Hegel elaborated a philosophical system , in which "the whole world, natural, historical, intellectual, is represented as a process, i.e., as in constant motion, change, transformation, development; and the attempt is make to trace out the internal connection that makes a continuous whole of all the movement and development" (Engels, Anti-Duhring, p. 34). Hegel’s system consists of three parts: Logic, Philosophy of Nature and Philosophy of the Spirit. In the first part he considers the progress of thought in the divine mind up until the creation of Nature, in the second he examines the development of that thought within created Nature, and, thirdly, its return to itself in the human spirit. The essential core of this system is provided by the ideas concerning the historical advance of man’s knowledge and social consciousness, presented in the context of dialectics.

German classical philosophy was a thoroughly bourgeois phenomenon. All its leading figures hailed the French Revolution and remained loyal to it for a considerable time. The Enlightenment was the framework of Kant’s thought and the starting point of Hegel’s. The philosophy of both was deeply immersed in the idea of progress and Hegel’s entire philosophy is one of evolution and necessary progress. Further, both studied the British political economists and were probably influenced to some extent by Adam Smith. Hegel even used in an abstract manner the tools of the classical liberal economists in his formulation of labour as a fundamental factor in humanity. All this firmly established German classical philosophy’s bourgeois roots.

Nevertheless, from the very beginning it differed from classic liberalism in important respects. This was more apparent in the case of Hegel. In the first place German philosophy was deliberately idealist, rejecting the materialism or empiricism of the classical tradition.
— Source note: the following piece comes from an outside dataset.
(* For every $k\in\pm\mathcal K^{(\ell)}$ we have $(\chi_k)^\dagger=\chi_{-k}$, and for all $k_1,k_2\in\pm\mathcal K^{(\ell)}$ we have $\chi_{k_1}\chi_{k_2}+\chi_{k_2}\chi_{k_1}=\delta_{k_1,-k_2}\,\mathrm{id}$.
   Context: Fix integers $a<0<b$, $\ell=b-a$, $\mathcal K^{(\ell)}=\{\frac12,\frac32,\dots,\ell-\frac12\}$, $\pm\mathcal K^{(\ell)}=\mathcal K^{(\ell)}\cup(-\mathcal K^{(\ell)})$, $C=\{a,\dots,b\}$, $C^*=\{a+\frac12,\dots,b-\frac12\}$. $\tilde V$ is the complex inner product space with orthonormal basis $(e_\rho)_{\rho\in\{\pm1\}^C}$, $\dagger$ the adjoint. For $x'\in C^*$, $\varsigma_{x'}(\rho)$ flips the signs of $\rho_x$, $x<x'$; $\psi_{x'}e_\rho=\frac{-\rho_{x'-1/2}+i\rho_{x'+1/2}}{\sqrt2}e_{\varsigma_{x'}(\rho)}$, $\psi^*_{x'}e_\rho=\frac{-i\rho_{x'-1/2}+\rho_{x'+1/2}}{\sqrt2}e_{\varsigma_{x'}(\rho)}$. Eigenfunctions: on the lattice strip with vertices $C\times\mathbb Z\subset\mathbb C$ and nearest-neighbour edges (identified with midpoints), a function $F$ is s-holomorphic if $F(z_1)+\frac{i|v-p|}{v-p}\overline{F(z_1)}=F(z_2)+\frac{i|v-p|}{v-p}\overline{F(z_2)}$ for edges $z_1,z_2$ adjacent to a common vertex $v$ and face with centre $p$, and has Riemann boundary values if $F(a+iy')\in e^{-i\pi/4}\mathbb R$, $F(b+iy')\in e^{i\pi/4}\mathbb R$. For $k\in\mathcal K^{(\ell)}$ let $\omega_k\in((k-\frac12)\pi/\ell,k\pi/\ell)$ solve $\cos((\ell+\frac12)\omega)/\cos((\ell-\frac12)\omega)=3-2\sqrt2$ and $\lambda_{\pm k}=(2-\cos\omega_k+\sqrt{(3-\cos\omega_k)(1-\cos\omega_k)})^{\pm1}$. $F_{\pm k}$ is the unique s-holomorphic function with Riemann boundary values, $F_{\pm k}(z+ih)=\lambda_{\pm k}^hF_{\pm k}(z)$, values in $e^{-i\pi/4}\mathbb R_{>0}$ on the edges $a+iy'$, and whose restriction $f_{\pm k}$ to $C^*$ (horizontal edges at height $0$) has unit norm in the real Hilbert space $H=\mathbb C^{C^*}$ with $\langle f,g\rangle=\mathrm{Re}\sum_{x'}f(x')\overline{g(x')}$. Known facts: $(f_k)_{k\in\pm\mathcal K^{(\ell)}}$ is an orthonormal basis of $H$ and $f_{-k}=-i\overline{f_k}$. Modes: $\chi_k=\frac{e^{i\pi/4}}{2}\sum_{x'\in C^*}\big(i f_k(x')\psi_{x'}-i\overline{f_k(x')}\psi^*_{x'}\big)$ for $k\in\pm\mathcal K^{(\ell)}$. *)

From mathcomp Require Import all_boot all_order all_algebra.
From mathcomp Require Import complex.
From mathcomp Require Import reals trigo.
In the second place, Hegel, unlike the classical liberals, makes his starting point the collective and not the individual. Moreover, German thinkers not being central participants in the bourgeois-liberal advance, were much more aware of its limits and contradictions. While recognising the inevitability of bourgeois society’s triumphant progress, they also raised the question of whether it may not in turn be superseded. In theory the transitoriness of the historically doomed society was built into their philosophy itself.
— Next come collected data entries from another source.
Lemma arc_le_outer x0 y0 (c : seq V) a d p q W : p <= q <= d -> d < size c ->
  (w (nth x0 c ((a + d) %% size c)) (nth x0 c (a %% size c)) <= W)%R ->
  arc_le x0 c (a + q) (size c - (q - p)) W ->
  arc_le y0 (arc x0 c a d.+1) q (d.+1 - (q - p)) W.
Proof.
move=> le_pqd lt_dn le_last le_W k lt_k.
case: (ltngtP (q + k) d) => [lt_qkd | gt_qkd | ->]; last by rewrite edgew_arc_last.
  by rewrite edgew_arc ?addnA; [apply: le_W | ]; lia.
rewrite (_ : q + k = q + k - d.+1 + size (arc x0 c a d.+1)); last by rewrite size_arc; lia.
rewrite edgew_addn edgew_arc; last lia.
rewrite -edgew_addn (_ : a + _ + _ = a + q + (k + size c - d.+1)); last lia.
by apply: le_W; lia.
Qed.

Lemma chord_cases n P Q m : (P + m) %% n = Q -> P < n -> 2 <= m -> m + 2 <= n ->
  nonconsec n P Q /\ Q - P = m \/ nonconsec n Q P /\ P - Q = n - m.
Proof.
move=> <- lt_Pn m_ge2 m_le; rewrite modn_double; last lia.
by case: ltnP => ?; [left | right]; rewrite /nonconsec; split; lia.
Qed.

Definition chords_above t x0 c s := forall i j,
  nonconsec (size c) i j -> adj w t (cv x0 c i) (cv x0 c j) -> (s <= w (cv x0 c i) (cv x0 c j))%R.

Section Chord.
Variables (t : R) (x0 : V) (c : seq V) (P Q m : nat).
Hypotheses (PmQ : (P + m) %% size c = Q) (lt_P : P < size c).
Hypotheses (m_ge2 : 2 <= m) (m_le : m + 2 <= size c).
Hypothesis adj_PQ : adj w t (nth x0 c P) (nth x0 c Q).

Lemma chords_above_at s : chords_above t x0 c s -> (s <= w (nth x0 c P) (nth x0 c Q))%R.
Proof.
move=> above; case: (chord_cases PmQ lt_P m_ge2 m_le) => [[ncPQ _] | [ncQP _]].
  exact: above.
by rewrite wsym; apply: above; rewrite // adjC.
Qed.

Lemma covers_chord : well_covered w t c ->
  arc_le x0 c P m (w (nth x0 c P) (nth x0 c Q)) \/
  arc_le x0 c Q (size c - m) (w (nth x0 c P) (nth x0 c Q)).
Proof.
have lt_Q : Q < size c by rewrite -PmQ ltn_pmod //; lia.
move=> wc; case: (chord_cases PmQ lt_P m_ge2 m_le) => [[ncPQ dPQ] | [ncQP dQP]].
  have := wc x0 P Q ncPQ adj_PQ; rewrite (covers_arc x0 (_ : P < Q) lt_Q) ?dPQ //; lia.
have := wc x0 Q P ncQP; rewrite /cv adjC => /(_ adj_PQ).
rewrite (covers_arc x0 (_ : Q < P) lt_P) ?dQP /cv 1?wsym; last lia.
by rewrite (_ : size c - (size c - m) = m); [case; [right | left] | lia].
Qed.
However in practice the philosophers tried to reconcile this revolutionary nature of their philosophical conclusions with reality in a conservative manner. This Hegel did through a process of idealisation of the Prussian state and a refusal to accept its transitoriness, as also an attempt to end history with the cognition of the Absolute Idea. However this lay in direct contradiction to the core substance of a philosophy which saw the historical process itself developing through the dialectic of contradictions. This contradiction could not obviously stand up to the years of ferment following 1830. Just as we saw a process of decline in classical political economy in this period, we can also see a period of disintegration in German classical philosophy. The ‘Young Hegelians’ refused to halt where their teacher did and insisted on following their philosophy to its logical conclusions. They further showed their readiness to take the road of revolution abandoned by their predecessors. However the issues of revolution in the 1830-48 period were no longer simply the question of the seizure of power by bourgeois liberals. A new class — the proletariat — had emerged and started rewriting the agenda of history. Therefore the intellectual revolutionary to emerge from the disintegration of German philosophy was not some bourgeois radical but Karl Marx.

In fact 1830 which marked the revival of the major west -European revolutionary movement, also marked the beginning of the crisis of classical bourgeois ideology. Its most advanced fields - political economy and philosophy - were in a process of decline and disintegration. The changing material conditions of the bourgeoisie and the apparent obstacles to its triumphal advance prevented the contemporary bourgeois thinkers from carrying forward uninterruptedly the classical tradition of Adam Smith and Ricardo or of Kant and Hegel. The great tradition of the intellectual development following from the Enlightenment however did not die. It was transformed into its opposite in the form of Marxism.